→ Problem to work on
Give back every entry below, exactly as written.

→ Provided entries
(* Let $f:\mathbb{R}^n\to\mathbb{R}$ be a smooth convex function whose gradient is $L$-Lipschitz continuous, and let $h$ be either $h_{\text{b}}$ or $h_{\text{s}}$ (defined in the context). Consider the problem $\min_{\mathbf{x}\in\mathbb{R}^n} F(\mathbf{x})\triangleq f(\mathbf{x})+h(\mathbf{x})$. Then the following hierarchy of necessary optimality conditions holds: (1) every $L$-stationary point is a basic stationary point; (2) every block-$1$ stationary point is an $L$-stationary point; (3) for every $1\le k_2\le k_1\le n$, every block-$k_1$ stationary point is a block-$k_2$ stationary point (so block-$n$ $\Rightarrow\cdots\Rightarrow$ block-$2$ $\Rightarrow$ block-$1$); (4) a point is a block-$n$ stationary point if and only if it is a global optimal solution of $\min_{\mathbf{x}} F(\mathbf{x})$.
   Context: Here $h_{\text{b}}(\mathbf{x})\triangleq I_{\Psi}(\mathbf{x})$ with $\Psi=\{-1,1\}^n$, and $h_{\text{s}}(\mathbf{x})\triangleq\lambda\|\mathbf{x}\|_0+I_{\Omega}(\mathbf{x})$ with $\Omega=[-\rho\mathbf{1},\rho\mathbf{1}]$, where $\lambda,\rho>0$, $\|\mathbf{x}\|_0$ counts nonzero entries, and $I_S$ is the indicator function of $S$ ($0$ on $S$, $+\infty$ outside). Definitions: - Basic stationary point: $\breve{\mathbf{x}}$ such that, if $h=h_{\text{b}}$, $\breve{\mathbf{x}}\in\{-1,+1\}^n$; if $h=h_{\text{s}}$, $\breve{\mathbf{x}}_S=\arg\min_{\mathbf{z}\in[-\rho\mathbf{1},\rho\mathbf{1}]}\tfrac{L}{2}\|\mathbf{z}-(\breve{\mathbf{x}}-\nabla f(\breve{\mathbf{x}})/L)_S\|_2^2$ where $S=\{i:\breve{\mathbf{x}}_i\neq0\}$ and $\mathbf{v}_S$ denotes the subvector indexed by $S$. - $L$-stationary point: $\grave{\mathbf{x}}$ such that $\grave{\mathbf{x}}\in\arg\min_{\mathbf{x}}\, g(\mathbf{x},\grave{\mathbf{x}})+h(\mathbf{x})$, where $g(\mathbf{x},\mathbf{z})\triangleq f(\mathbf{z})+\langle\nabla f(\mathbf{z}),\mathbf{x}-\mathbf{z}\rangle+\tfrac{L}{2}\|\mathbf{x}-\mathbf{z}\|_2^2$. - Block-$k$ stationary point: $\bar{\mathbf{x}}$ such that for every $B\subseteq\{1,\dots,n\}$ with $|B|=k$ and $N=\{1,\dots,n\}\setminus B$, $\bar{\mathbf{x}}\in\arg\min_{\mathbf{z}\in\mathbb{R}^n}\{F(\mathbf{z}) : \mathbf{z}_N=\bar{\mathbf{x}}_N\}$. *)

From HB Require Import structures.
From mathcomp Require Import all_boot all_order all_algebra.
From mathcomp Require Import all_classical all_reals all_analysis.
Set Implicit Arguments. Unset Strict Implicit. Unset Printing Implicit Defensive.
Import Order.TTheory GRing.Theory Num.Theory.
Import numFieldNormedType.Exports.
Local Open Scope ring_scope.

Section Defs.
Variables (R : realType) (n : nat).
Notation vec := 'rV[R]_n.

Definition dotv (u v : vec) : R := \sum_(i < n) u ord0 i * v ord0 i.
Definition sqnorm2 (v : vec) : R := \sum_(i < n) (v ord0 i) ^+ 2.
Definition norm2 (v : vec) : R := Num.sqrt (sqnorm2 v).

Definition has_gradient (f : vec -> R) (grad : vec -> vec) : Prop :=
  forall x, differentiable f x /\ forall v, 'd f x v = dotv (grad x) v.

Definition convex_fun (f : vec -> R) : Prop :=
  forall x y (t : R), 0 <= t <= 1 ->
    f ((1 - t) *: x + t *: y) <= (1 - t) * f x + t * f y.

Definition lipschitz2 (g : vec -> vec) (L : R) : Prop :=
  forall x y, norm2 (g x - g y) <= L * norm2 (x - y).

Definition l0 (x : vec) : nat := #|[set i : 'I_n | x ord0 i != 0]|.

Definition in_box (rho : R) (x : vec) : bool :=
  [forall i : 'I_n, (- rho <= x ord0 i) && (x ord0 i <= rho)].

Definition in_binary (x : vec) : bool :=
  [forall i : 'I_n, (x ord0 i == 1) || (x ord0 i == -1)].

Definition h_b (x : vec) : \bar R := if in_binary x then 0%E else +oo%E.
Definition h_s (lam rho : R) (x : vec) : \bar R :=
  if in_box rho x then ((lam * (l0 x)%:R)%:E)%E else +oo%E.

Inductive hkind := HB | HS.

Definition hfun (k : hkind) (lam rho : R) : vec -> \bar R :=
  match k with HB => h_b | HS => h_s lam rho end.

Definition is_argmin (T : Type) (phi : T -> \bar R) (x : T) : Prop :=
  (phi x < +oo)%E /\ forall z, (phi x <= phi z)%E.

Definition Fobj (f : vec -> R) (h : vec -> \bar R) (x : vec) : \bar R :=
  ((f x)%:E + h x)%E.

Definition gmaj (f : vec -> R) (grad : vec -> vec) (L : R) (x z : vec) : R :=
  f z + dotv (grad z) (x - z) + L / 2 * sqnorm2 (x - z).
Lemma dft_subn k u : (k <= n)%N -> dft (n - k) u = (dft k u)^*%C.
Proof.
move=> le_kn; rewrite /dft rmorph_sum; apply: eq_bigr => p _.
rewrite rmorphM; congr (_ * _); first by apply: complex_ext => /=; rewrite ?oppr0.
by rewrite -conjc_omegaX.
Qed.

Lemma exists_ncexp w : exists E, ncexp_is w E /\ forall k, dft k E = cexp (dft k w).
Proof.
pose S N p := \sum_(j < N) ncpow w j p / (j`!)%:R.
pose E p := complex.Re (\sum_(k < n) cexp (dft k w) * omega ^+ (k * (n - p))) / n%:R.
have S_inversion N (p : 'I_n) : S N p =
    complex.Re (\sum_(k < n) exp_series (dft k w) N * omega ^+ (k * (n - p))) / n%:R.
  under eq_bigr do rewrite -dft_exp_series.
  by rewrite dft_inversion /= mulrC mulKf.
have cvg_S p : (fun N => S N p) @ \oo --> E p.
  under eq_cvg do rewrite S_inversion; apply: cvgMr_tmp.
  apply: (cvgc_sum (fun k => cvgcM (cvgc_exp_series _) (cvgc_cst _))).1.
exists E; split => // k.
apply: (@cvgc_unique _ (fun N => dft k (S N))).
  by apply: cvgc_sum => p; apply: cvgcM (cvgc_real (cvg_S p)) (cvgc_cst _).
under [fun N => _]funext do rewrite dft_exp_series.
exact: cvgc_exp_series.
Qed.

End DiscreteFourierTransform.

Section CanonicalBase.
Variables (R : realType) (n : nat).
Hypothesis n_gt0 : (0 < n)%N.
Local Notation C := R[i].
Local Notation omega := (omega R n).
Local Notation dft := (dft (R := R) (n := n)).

→ Result of this task
(* Let $f:\mathbb{R}^n\to\mathbb{R}$ be a smooth convex function whose gradient is $L$-Lipschitz continuous, and let $h$ be either $h_{\text{b}}$ or $h_{\text{s}}$ (defined in the context). Consider the problem $\min_{\mathbf{x}\in\mathbb{R}^n} F(\mathbf{x})\triangleq f(\mathbf{x})+h(\mathbf{x})$. Then the following hierarchy of necessary optimality conditions holds: (1) every $L$-stationary point is a basic stationary point; (2) every block-$1$ stationary point is an $L$-stationary point; (3) for every $1\le k_2\le k_1\le n$, every block-$k_1$ stationary point is a block-$k_2$ stationary point (so block-$n$ $\Rightarrow\cdots\Rightarrow$ block-$2$ $\Rightarrow$ block-$1$); (4) a point is a block-$n$ stationary point if and only if it is a global optimal solution of $\min_{\mathbf{x}} F(\mathbf{x})$.
   Context: Here $h_{\text{b}}(\mathbf{x})\triangleq I_{\Psi}(\mathbf{x})$ with $\Psi=\{-1,1\}^n$, and $h_{\text{s}}(\mathbf{x})\triangleq\lambda\|\mathbf{x}\|_0+I_{\Omega}(\mathbf{x})$ with $\Omega=[-\rho\mathbf{1},\rho\mathbf{1}]$, where $\lambda,\rho>0$, $\|\mathbf{x}\|_0$ counts nonzero entries, and $I_S$ is the indicator function of $S$ ($0$ on $S$, $+\infty$ outside). Definitions: - Basic stationary point: $\breve{\mathbf{x}}$ such that, if $h=h_{\text{b}}$, $\breve{\mathbf{x}}\in\{-1,+1\}^n$; if $h=h_{\text{s}}$, $\breve{\mathbf{x}}_S=\arg\min_{\mathbf{z}\in[-\rho\mathbf{1},\rho\mathbf{1}]}\tfrac{L}{2}\|\mathbf{z}-(\breve{\mathbf{x}}-\nabla f(\breve{\mathbf{x}})/L)_S\|_2^2$ where $S=\{i:\breve{\mathbf{x}}_i\neq0\}$ and $\mathbf{v}_S$ denotes the subvector indexed by $S$. - $L$-stationary point: $\grave{\mathbf{x}}$ such that $\grave{\mathbf{x}}\in\arg\min_{\mathbf{x}}\, g(\mathbf{x},\grave{\mathbf{x}})+h(\mathbf{x})$, where $g(\mathbf{x},\mathbf{z})\triangleq f(\mathbf{z})+\langle\nabla f(\mathbf{z}),\mathbf{x}-\mathbf{z}\rangle+\tfrac{L}{2}\|\mathbf{x}-\mathbf{z}\|_2^2$. - Block-$k$ stationary point: $\bar{\mathbf{x}}$ such that for every $B\subseteq\{1,\dots,n\}$ with $|B|=k$ and $N=\{1,\dots,n\}\setminus B$, $\bar{\mathbf{x}}\in\arg\min_{\mathbf{z}\in\mathbb{R}^n}\{F(\mathbf{z}) : \mathbf{z}_N=\bar{\mathbf{x}}_N\}$. *)

From HB Require Import structures.
From mathcomp Require Import all_boot all_order all_algebra.
From mathcomp Require Import all_classical all_reals all_analysis.
Set Implicit Arguments. Unset Strict Implicit. Unset Printing Implicit Defensive.
Import Order.TTheory GRing.Theory Num.Theory.
Import numFieldNormedType.Exports.
Local Open Scope ring_scope.

Section Defs.
Variables (R : realType) (n : nat).
Notation vec := 'rV[R]_n.

Definition dotv (u v : vec) : R := \sum_(i < n) u ord0 i * v ord0 i.
Definition sqnorm2 (v : vec) : R := \sum_(i < n) (v ord0 i) ^+ 2.
Definition norm2 (v : vec) : R := Num.sqrt (sqnorm2 v).

Definition has_gradient (f : vec -> R) (grad : vec -> vec) : Prop :=
  forall x, differentiable f x /\ forall v, 'd f x v = dotv (grad x) v.

Definition convex_fun (f : vec -> R) : Prop :=
  forall x y (t : R), 0 <= t <= 1 ->
    f ((1 - t) *: x + t *: y) <= (1 - t) * f x + t * f y.

Definition lipschitz2 (g : vec -> vec) (L : R) : Prop :=
  forall x y, norm2 (g x - g y) <= L * norm2 (x - y).

Definition l0 (x : vec) : nat := #|[set i : 'I_n | x ord0 i != 0]|.

Definition in_box (rho : R) (x : vec) : bool :=
  [forall i : 'I_n, (- rho <= x ord0 i) && (x ord0 i <= rho)].

Definition in_binary (x : vec) : bool :=
  [forall i : 'I_n, (x ord0 i == 1) || (x ord0 i == -1)].

Definition h_b (x : vec) : \bar R := if in_binary x then 0%E else +oo%E.
Definition h_s (lam rho : R) (x : vec) : \bar R :=
  if in_box rho x then ((lam * (l0 x)%:R)%:E)%E else +oo%E.

Inductive hkind := HB | HS.

Definition hfun (k : hkind) (lam rho : R) : vec -> \bar R :=
  match k with HB => h_b | HS => h_s lam rho end.

Definition is_argmin (T : Type) (phi : T -> \bar R) (x : T) : Prop :=
  (phi x < +oo)%E /\ forall z, (phi x <= phi z)%E.

Definition Fobj (f : vec -> R) (h : vec -> \bar R) (x : vec) : \bar R :=
  ((f x)%:E + h x)%E.

Definition gmaj (f : vec -> R) (grad : vec -> vec) (L : R) (x z : vec) : R :=
  f z + dotv (grad z) (x - z) + L / 2 * sqnorm2 (x - z).
Lemma dft_subn k u : (k <= n)%N -> dft (n - k) u = (dft k u)^*%C.
Proof.
move=> le_kn; rewrite /dft rmorph_sum; apply: eq_bigr => p _.
rewrite rmorphM; congr (_ * _); first by apply: complex_ext => /=; rewrite ?oppr0.
by rewrite -conjc_omegaX.
Qed.

Lemma exists_ncexp w : exists E, ncexp_is w E /\ forall k, dft k E = cexp (dft k w).
Proof.
pose S N p := \sum_(j < N) ncpow w j p / (j`!)%:R.
pose E p := complex.Re (\sum_(k < n) cexp (dft k w) * omega ^+ (k * (n - p))) / n%:R.
have S_inversion N (p : 'I_n) : S N p =
    complex.Re (\sum_(k < n) exp_series (dft k w) N * omega ^+ (k * (n - p))) / n%:R.
  under eq_bigr do rewrite -dft_exp_series.
  by rewrite dft_inversion /= mulrC mulKf.
have cvg_S p : (fun N => S N p) @ \oo --> E p.
  under eq_cvg do rewrite S_inversion; apply: cvgMr_tmp.
  apply: (cvgc_sum (fun k => cvgcM (cvgc_exp_series _) (cvgc_cst _))).1.
exists E; split => // k.
apply: (@cvgc_unique _ (fun N => dft k (S N))).
  by apply: cvgc_sum => p; apply: cvgcM (cvgc_real (cvg_S p)) (cvgc_cst _).
under [fun N => _]funext do rewrite dft_exp_series.
exact: cvgc_exp_series.
Qed.

End DiscreteFourierTransform.

Section CanonicalBase.
Variables (R : realType) (n : nat).
Hypothesis n_gt0 : (0 < n)%N.
Local Notation C := R[i].
Local Notation omega := (omega R n).
Local Notation dft := (dft (R := R) (n := n)).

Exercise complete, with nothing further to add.